Cytat:
Napisał Lupus
TT 600, to prawie idealny motorek do samodzielnej jazdy. Sam myślałem o nim dość poważnie. Sucha miska, prosta sprawdzona konstrukcja, minimum serwisu. Nie zdecydowałem się na niego jako na wyprawówkę właściwie tylko z 2 powodów w innych przypadkach być może nieistotnych: brak chłodzenia cieczą i miejsce produkcji. Ta druga pozycja to taka moja fanaberia aczkolwiek podparta, natomiast chłodzenie, to kwestia kierunku podróży. Jestem pewien że w warunkach pustynnych głowica uległa-by mocnemu przegrzaniu!!! http://serwisy.gazeta.pl/motocykle/1,56426,2792931.html Poza tym to faktycznie sprawdzony motorek, urodzona solowyprawówka. Bardzo wiele wybacz jeśli chodzi o serwis. Ja przejechałem ponad 20tkm (afryka) na 1 oleju (dolewki) i silnik po rozbiórce był w super stanie.
|
Brak chłodzenia cieczą możemy poprawić chłodzeniem oleju.

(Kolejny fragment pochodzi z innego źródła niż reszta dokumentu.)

(* Let $1\le p<\infty$, $f\in B_p(D)$, and $\mathcal L_{\mathbf n}f(\mathbf x)=L(f,X_{\mathbf n},\mathbf x)$. If the right-hand side and the left-hand side MZ inequalities associated with $(X_{\mathbf n},\Lambda_{\mathbf n},\Pi_{\mathbf n},\|\cdot\|_p)$ hold with constants $M_1$ and $M_2$, respectively, then $$\|f-\mathcal L_{\mathbf n}f\|_p\le\Big(\frac{M_2}{M_1}+1\Big)\widetilde E(f,\Pi_{\mathbf n})_p.$$
   Context: $D\subset\mathbb R^d$ nonempty; $B(D)$ is the set of real-valued bounded measurable functions on $D$; $B_p(D)$ is a linear subspace of $B(D)$ with a norm $\|\cdot\|_p$. $\Pi_{\mathbf n}\subset B_p(D)$ is a finite-dimensional space of functions on $D$; $X_{\mathbf n}=\{\mathbf x_{\mathbf k}\}_{\mathbf k\in\mathcal I_{\mathbf n}}\subset D$ is a finite set of distinct points; $\Lambda_{\mathbf n}=\{\lambda_{\mathbf k}\}_{\mathbf k\in\mathcal I_{\mathbf n}}$ are positive weights. It is assumed that for every $f\in B(D)$ there is $P\in\Pi_{\mathbf n}$ with $P(\mathbf x_{\mathbf k})=f(\mathbf x_{\mathbf k})$ for all $\mathbf k$; $L(f,X_{\mathbf n},\mathbf x)=\sum_{\mathbf k\in\mathcal I_{\mathbf n}}f(\mathbf x_{\mathbf k})\ell_{\mathbf k}(\mathbf x)$ with $\ell_{\mathbf k}\in\Pi_{\mathbf n}$, $\ell_{\mathbf k}(\mathbf x_{\mathbf l})=\delta_{\mathbf l,\mathbf k}$, and it is assumed that $L(P,X_{\mathbf n},\cdot)=P$ for all $P\in\Pi_{\mathbf n}$. Right-hand side MZ inequality with constant $M$: $M(\sum_{\mathbf k}\lambda_{\mathbf k}|P(\mathbf x_{\mathbf k})|^p)^{1/p}\le\|P\|_p$ for all $P\in\Pi_{\mathbf n}$; left-hand side MZ inequality with constant $M$: $\|P\|_p\le M(\sum_{\mathbf k}\lambda_{\mathbf k}|P(\mathbf x_{\mathbf k})|^p)^{1/p}$ for all $P\in\Pi_{\mathbf n}$. Best one-sided approximation: $\widetilde E(f,\Pi_{\mathbf n})_p=\inf\{\|Q-q\|_p:q,Q\in\Pi_{\mathbf n},\ q(\mathbf x)\le f(\mathbf x)\le Q(\mathbf x)\ \forall\mathbf x\in D\}$. *)

From mathcomp Require Import all_boot all_order all_algebra.
From mathcomp Require Import all_classical all_reals all_analysis.
Set Implicit Arguments. Unset Strict Implicit. Unset Printing Implicit Defensive.
Import Order.TTheory GRing.Theory Num.Theory.
Import numFieldNormedType.Exports.
Local Open Scope classical_set_scope.
Local Open Scope ring_scope.

Section MZDefs.
Variables (R : realType) (d : nat).
Local Notation pt := 'rV[R]_d.

Definition borel_rV : set (set pt) := <<s [set A : set pt | open A] >>.

Definition measurable_on (D : set pt) (f : pt -> R) : Prop :=
  forall B : set R, measurable B -> borel_rV (D `&` f @^-1` B).

Definition BD (D : set pt) : set (pt -> R) :=
  [set f | measurable_on D f /\ exists M : R, forall x, D x -> `|f x| <= M].

Definition lin_subspace (V : set (pt -> R)) : Prop :=
  V (fun=> 0) /\
  forall (a : R) f g, V f -> V g -> V (fun x => a * f x + g x).

Definition fin_dim (V : set (pt -> R)) : Prop :=
  exists (m : nat) (b : 'I_m -> (pt -> R)),
    (forall i, V (b i)) /\
    forall f, V f -> exists c : 'I_m -> R,
      forall x, f x = \sum_(i < m) c i * b i x.

(* nrm is a norm on the space V of functions on D (functions agreeing on D
   are identified) *)
Definition norm_on (D : set pt) (V : set (pt -> R)) (nrm : (pt -> R) -> R)
  : Prop :=
  [/\ forall f, V f -> 0 <= nrm f,
      forall f, V f -> nrm f = 0 -> forall x, D x -> f x = 0,
      forall (a : R) f, V f -> nrm (fun x => a * f x) = `|a| * nrm f &
      forall f g, V f -> V g -> nrm (fun x => f x + g x) <= nrm f + nrm g].

Definition monotone_norm (D : set pt) (V : set (pt -> R))
  (nrm : (pt -> R) -> R) : Prop :=
  forall f g, V f -> V g -> (forall x, D x -> `|f x| <= `|g x|) ->
    nrm f <= nrm g.

Definition Lag (I : finType) (xs : I -> pt) (ell : I -> pt -> R)
  (f : pt -> R) : pt -> R :=
  fun y => \sum_(k : I) f (xs k) * ell k y.

Definition disc_norm (p : R) (I : finType) (xs : I -> pt) (lam : I -> R)
  (P : pt -> R) : R :=
  (\sum_(k : I) lam k * (`|P (xs k)| `^ p)) `^ p^-1.

Definition MZ_right (p : R) (I : finType) (xs : I -> pt) (lam : I -> R)
  (Pi : set (pt -> R)) (nrm : (pt -> R) -> R) (M : R) : Prop :=
  forall P, Pi P -> M * disc_norm p xs lam P <= nrm P.

Definition MZ_left (p : R) (I : finType) (xs : I -> pt) (lam : I -> R)
  (Pi : set (pt -> R)) (nrm : (pt -> R) -> R) (M : R) : Prop :=
  forall P, Pi P -> nrm P <= M * disc_norm p xs lam P.

(* best one-sided approximation  E~(f, Pi)_p  (an extended real; +oo if
   there is no admissible pair) *)
Definition one_sided_E (D : set pt) (Pi : set (pt -> R))
  (nrm : (pt -> R) -> R) (f : pt -> R) : \bar R :=
  ereal_inf [set e : \bar R | exists q Q : pt -> R,
     [/\ Pi q, Pi Q, (forall x, D x -> q x <= f x <= Q x) &
          e = (nrm (fun x => Q x - q x))%:E]].
End MZDefs.

(* Take q, Q in Pi with q <= f <= Q on D. Since L reproduces q, on D we have
   f - L f = (f - q) - L (f - q). Monotonicity of the norm bounds the first
   term by ||Q - q||. For the second, the left MZ inequality, the equality
   L (f - q) = f - q at the nodes, the pointwise bound 0 <= f - q <= Q - q and
   the right MZ inequality give
   ||L (f - q)|| <= M2 |f - q|_disc <= M2 |Q - q|_disc <= (M2 / M1) ||Q - q||.
   Taking the infimum over all such pairs (q, Q) gives the bound. *)
From mathcomp Require Import all_boot all_order all_algebra.
From mathcomp Require Import all_classical all_reals all_analysis.
Set Implicit Arguments. Unset Strict Implicit. Unset Printing Implicit Defensive.
Import Order.TTheory GRing.Theory Num.Theory.
Local Open Scope classical_set_scope.
Local Open Scope ring_scope.

Section LinearSubspace.
Variables (R : realType) (d : nat) (V : set ('rV[R]_d -> R)).
Hypothesis linV : lin_subspace V.

Lemma lin_subspaceD f g : V f -> V g -> V (fun x => f x + g x).
Proof.
move=> Vf Vg; case: linV => _ /(_ 1 f g Vf Vg).
by under eq_fun do rewrite mul1r.
Qed.

Lemma lin_subspaceZ a f : V f -> V (fun x => a * f x).
Proof.
move=> Vf; case: linV => V0 /(_ a f _ Vf V0).
by under eq_fun do rewrite addr0.
Qed.

Lemma lin_subspaceB f g : V f -> V g -> V (fun x => f x - g x).
Proof.
move=> Vf Vg; have := lin_subspaceD Vf (lin_subspaceZ (-1) Vg).
by under eq_fun do rewrite mulN1r.
Qed.

Lemma lin_subspace_sum (I : Type) (s : seq I) (c : I -> R)
    (b : I -> 'rV[R]_d -> R) :
  (forall k, V (b k)) -> V (fun x => \sum_(k <- s) c k * b k x).
Proof.
move=> Vb; elim: s => [|k s IHs].
  by under eq_fun do rewrite big_nil; case: linV.
under eq_fun do rewrite big_cons.
by case: linV => _; apply.
Qed.

End LinearSubspace.

Section MonotoneNorm.
Variables (R : realType) (d : nat) (D : set 'rV[R]_d) (V : set ('rV[R]_d -> R)).
Variable nrm : ('rV[R]_d -> R) -> R.
Hypothesis linV : lin_subspace V.
Hypothesis nrmV : norm_on D V nrm.
Hypothesis monoV : monotone_norm D V nrm.

Lemma monotone_norm_eq f g : V f -> V g -> (forall x, D x -> f x = g x) ->
  nrm f = nrm g.
Proof.
by move=> Vf Vg fg; apply/le_anti/andP; split; apply: monoV => // x Dx;
  rewrite fg.
Qed.

Lemma norm_onB_le f g : V f -> V g -> nrm (fun x => f x - g x) <= nrm f + nrm g.
Proof.
case: nrmV => _ _ nrmZ nrmD Vf Vg.
have V_g := lin_subspaceZ linV (-1) Vg.
have := nrmD _ _ Vf V_g; rewrite nrmZ // normrN normr1 mul1r.
by under eq_fun do rewrite mulN1r.
Qed.

End MonotoneNorm.

Section Interpolation.
Variables (R : realType) (d : nat) (I : finType).
Variables (xs : I -> 'rV[R]_d) (ell : I -> 'rV[R]_d -> R).
Hypothesis ell_nodes : forall k l, ell k (xs l) = (if l == k then 1 else 0).

Lemma Lag_nodes g l : Lag xs ell g (xs l) = g (xs l).
Proof.
rewrite /Lag (bigD1 l) //= ell_nodes eqxx mulr1 big1 ?addr0 // => k /negbTE.
by rewrite ell_nodes eq_sym => ->; rewrite mulr0.
Qed.

Lemma LagB f g x :
  Lag xs ell (fun y => f y - g y) x = Lag xs ell f x - Lag xs ell g x.
Proof. by rewrite /Lag -sumrB; apply: eq_bigr => k _; rewrite mulrBl. Qed.

Lemma Lag_in (Pi : set ('rV[R]_d -> R)) g :
  lin_subspace Pi -> (forall k, Pi (ell k)) -> Pi (Lag xs ell g).
Proof. by move=> linPi ell_in; apply: lin_subspace_sum. Qed.

End Interpolation.

Lemma disc_norm_le (R : realType) (d : nat) (I : finType) (p : R)
    (xs : I -> 'rV[R]_d) (lam : I -> R) P P' :
  0 < p -> (forall k, 0 <= lam k) -> (forall k, `|P (xs k)| <= `|P' (xs k)|) ->
  disc_norm p xs lam P <= disc_norm p xs lam P'.
Proof.
move=> p0 lam0 PP'.
have sum_ge0 (F : 'rV[R]_d -> R) : 0 <= \sum_k lam k * `|F (xs k)| `^ p.
  by apply: sumr_ge0 => k _; rewrite mulr_ge0 ?powR_ge0.
apply: ge0_ler_powR; rewrite ?nnegrE ?invr_ge0 ?sum_ge0 ?(ltW p0) //.
apply: ler_sum => k _; apply: ler_wpM2l => //.
by apply: ge0_ler_powR; rewrite ?nnegrE ?(ltW p0).
Qed.

Section MZInterpolation.
Variables (R : realType) (d : nat) (D : set 'rV[R]_d) (I : finType).
Variables (Pi : set ('rV[R]_d -> R)) (nrm : ('rV[R]_d -> R) -> R).
Variables (xs : I -> 'rV[R]_d) (lam : I -> R) (ell : I -> 'rV[R]_d -> R).
Variables (p M1 M2 : R).
Hypothesis linPi : lin_subspace Pi.
Hypothesis ell_in : forall k, Pi (ell k).
Hypothesis ell_nodes : forall k l, ell k (xs l) = (if l == k then 1 else 0).
Hypotheses (p_gt0 : 0 < p) (lam_ge0 : forall k, 0 <= lam k).
Hypotheses (M1_gt0 : 0 < M1) (M2_ge0 : 0 <= M2).
Hypothesis MZr : MZ_right p xs lam Pi nrm M1.
Hypothesis MZl : MZ_left p xs lam Pi nrm M2.

Lemma MZ_Lag_le g P : Pi P -> (forall k, `|g (xs k)| <= `|P (xs k)|) ->
  nrm (Lag xs ell g) <= M2 / M1 * nrm P.
Proof.
move=> PiP gP.
have disc_le : disc_norm p xs lam (Lag xs ell g) <= disc_norm p xs lam P.
  by apply: disc_norm_le => // k; rewrite Lag_nodes.
apply: le_trans (MZl (Lag_in xs g linPi ell_in)) _.
rewrite -mulrA ler_wpM2l // ler_pdivlMl //.
exact: le_trans (ler_wpM2l (ltW M1_gt0) disc_le) (MZr PiP).
Qed.

Variable Bp : set ('rV[R]_d -> R).
Hypotheses (linBp : lin_subspace Bp) (Pi_Bp : Pi `<=` Bp).
Hypotheses (nrmBp : norm_on D Bp nrm) (monoBp : monotone_norm D Bp nrm).
Hypothesis Lag_reproduces : forall P, Pi P -> forall x, D x -> Lag xs ell P x = P x.
Hypothesis xs_in : forall k, D (xs k).

Lemma Lag_error_le_gap f q Q : Bp f -> Pi q -> Pi Q ->
  (forall x, D x -> q x <= f x <= Q x) ->
  nrm (fun x => f x - Lag xs ell f x) <= (M2 / M1 + 1) * nrm (fun x => Q x - q x).
Proof.
move=> Bf Piq PiQ qfQ.
have Bq := Pi_Bp Piq; have PiQq := lin_subspaceB linPi PiQ Piq.
have Bfq : Bp (fun x => f x - q x) by exact: lin_subspaceB.
have BLfq := Pi_Bp (Lag_in xs (fun x => f x - q x) linPi ell_in).
have gap x : D x -> `|f x - q x| <= `|Q x - q x|.
  move=> /qfQ /andP[qf fQ].
  by rewrite !ger0_norm ?subr_ge0 ?lerB // (le_trans qf).
have -> : nrm (fun x => f x - Lag xs ell f x) =
          nrm (fun x => (f x - q x) - Lag xs ell (fun y => f y - q y) x).
  have BLf := Pi_Bp (Lag_in xs f linPi ell_in).
  apply: (monotone_norm_eq monoBp (lin_subspaceB linBp Bf BLf)
                                  (lin_subspaceB linBp Bfq BLfq)).
  by move=> x Dx; rewrite LagB (Lag_reproduces Piq Dx) opprB addrA subrK.
apply: le_trans (norm_onB_le linBp nrmBp Bfq BLfq) _.
rewrite mulrDl mul1r [X in _ <= X]addrC lerD //.
  exact: (monoBp Bfq (Pi_Bp PiQq)).
by apply: MZ_Lag_le => // k; apply/gap/xs_in.
Qed.

End MZInterpolation.

Lemma le_one_sided_E (R : realType) (d : nat) (D : set 'rV[R]_d)
    (Pi : set ('rV[R]_d -> R)) (nrm : ('rV[R]_d -> R) -> R) (f : 'rV[R]_d -> R)
    (a c : R) :
  0 < c ->
  (forall q Q, Pi q -> Pi Q -> (forall x, D x -> q x <= f x <= Q x) ->
     a <= c * nrm (fun x => Q x - q x)) ->
  (a%:E <= c%:E * one_sided_E D Pi nrm f)%E.
Proof.
move=> c_gt0 a_le.
have -> : a = c * (a / c) by rewrite mulrC divfK ?gt_eqF.
rewrite EFinM lee_wpmul2l ?lee_fin ?(ltW c_gt0) //.
apply: le_ereal_inf_tmp => _ [q [Q [Piq PiQ qfQ ->]]].
by rewrite lee_fin ler_pdivrMr // mulrC; apply: a_le.
Qed.

Theorem theorem2p2 (R : realType) (d : nat) (D : set 'rV[R]_d)
  (Bp : set ('rV[R]_d -> R) ) (nrm : ('rV[R]_d -> R) -> R)
  (Pi : set ('rV[R]_d -> R))
  (I : finType) (xs : I -> 'rV[R]_d) (lam : I -> R) (ell : I -> 'rV[R]_d -> R)
  (p M1 M2 : R) (f : 'rV[R]_d -> R) :
  D !=set0 ->
  Bp `<=` BD D -> lin_subspace Bp ->
  norm_on D Bp nrm -> monotone_norm D Bp nrm ->
  Pi `<=` Bp -> lin_subspace Pi -> fin_dim Pi ->
  injective xs -> (forall k, D (xs k)) -> (forall k, 0 < lam k) ->
  (forall g, BD D g -> exists P, Pi P /\ forall k, P (xs k) = g (xs k)) ->
  (forall k, Pi (ell k)) ->
  (forall k l, ell k (xs l) = (if l == k then 1 else 0)) ->
  (forall P, Pi P -> forall x, D x -> Lag xs ell P x = P x) ->
  1 <= p ->
  0 < M1 -> 0 < M2 ->
  MZ_right p xs lam Pi nrm M1 ->
  MZ_left p xs lam Pi nrm M2 ->
  Bp f ->
  ((nrm (fun x => f x - Lag xs ell f x))%:E
     <= (M2 / M1 + 1)%:E * one_sided_E D Pi nrm f)%E.
Proof.
move=> _ _ linBp nrmBp monoBp Pi_Bp linPi _ _ xs_in lam_gt0 _ ell_in ell_nodes
  Lag_reproduces p_ge1 M1_gt0 M2_gt0 MZr MZl Bf.
have p_gt0 : 0 < p by apply: lt_le_trans p_ge1.
have lam_ge0 k : 0 <= lam k by apply: ltW.
apply: le_one_sided_E; first by rewrite addr_gt0 ?divr_gt0.
move=> q Q Piq PiQ qfQ.
exact: (Lag_error_le_gap linPi ell_in ell_nodes p_gt0 lam_ge0 M1_gt0 (ltW M2_gt0)
  MZr MZl linBp Pi_Bp nrmBp monoBp Lag_reproduces xs_in Bf Piq PiQ qfQ).
Qed.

Acesoryjna chłodnica do TT/XT wraz z uchwytem do mocowania.
Miałem to zamontowane. Ktoś sobie życzy to na dwie strony

Chłodnica nie wystaje, solidna. Możliwość uszkodzenia taka sama jak rozbicie karteru.

Miejsce produkcji - Włochy , ale niewiele w tym motocyklu włoskiego.
To co najważniejsze - silnik - dalej jest japoński.
Przednie zawieszenia w starszym modelu marki Kayaba ( Japan)+ Ohlins
W nowym Paioli ( Italia)+ Ohlins.
Transalp jest też włoski , tzn we Włoszech skladany. 80% jest dalej Japan.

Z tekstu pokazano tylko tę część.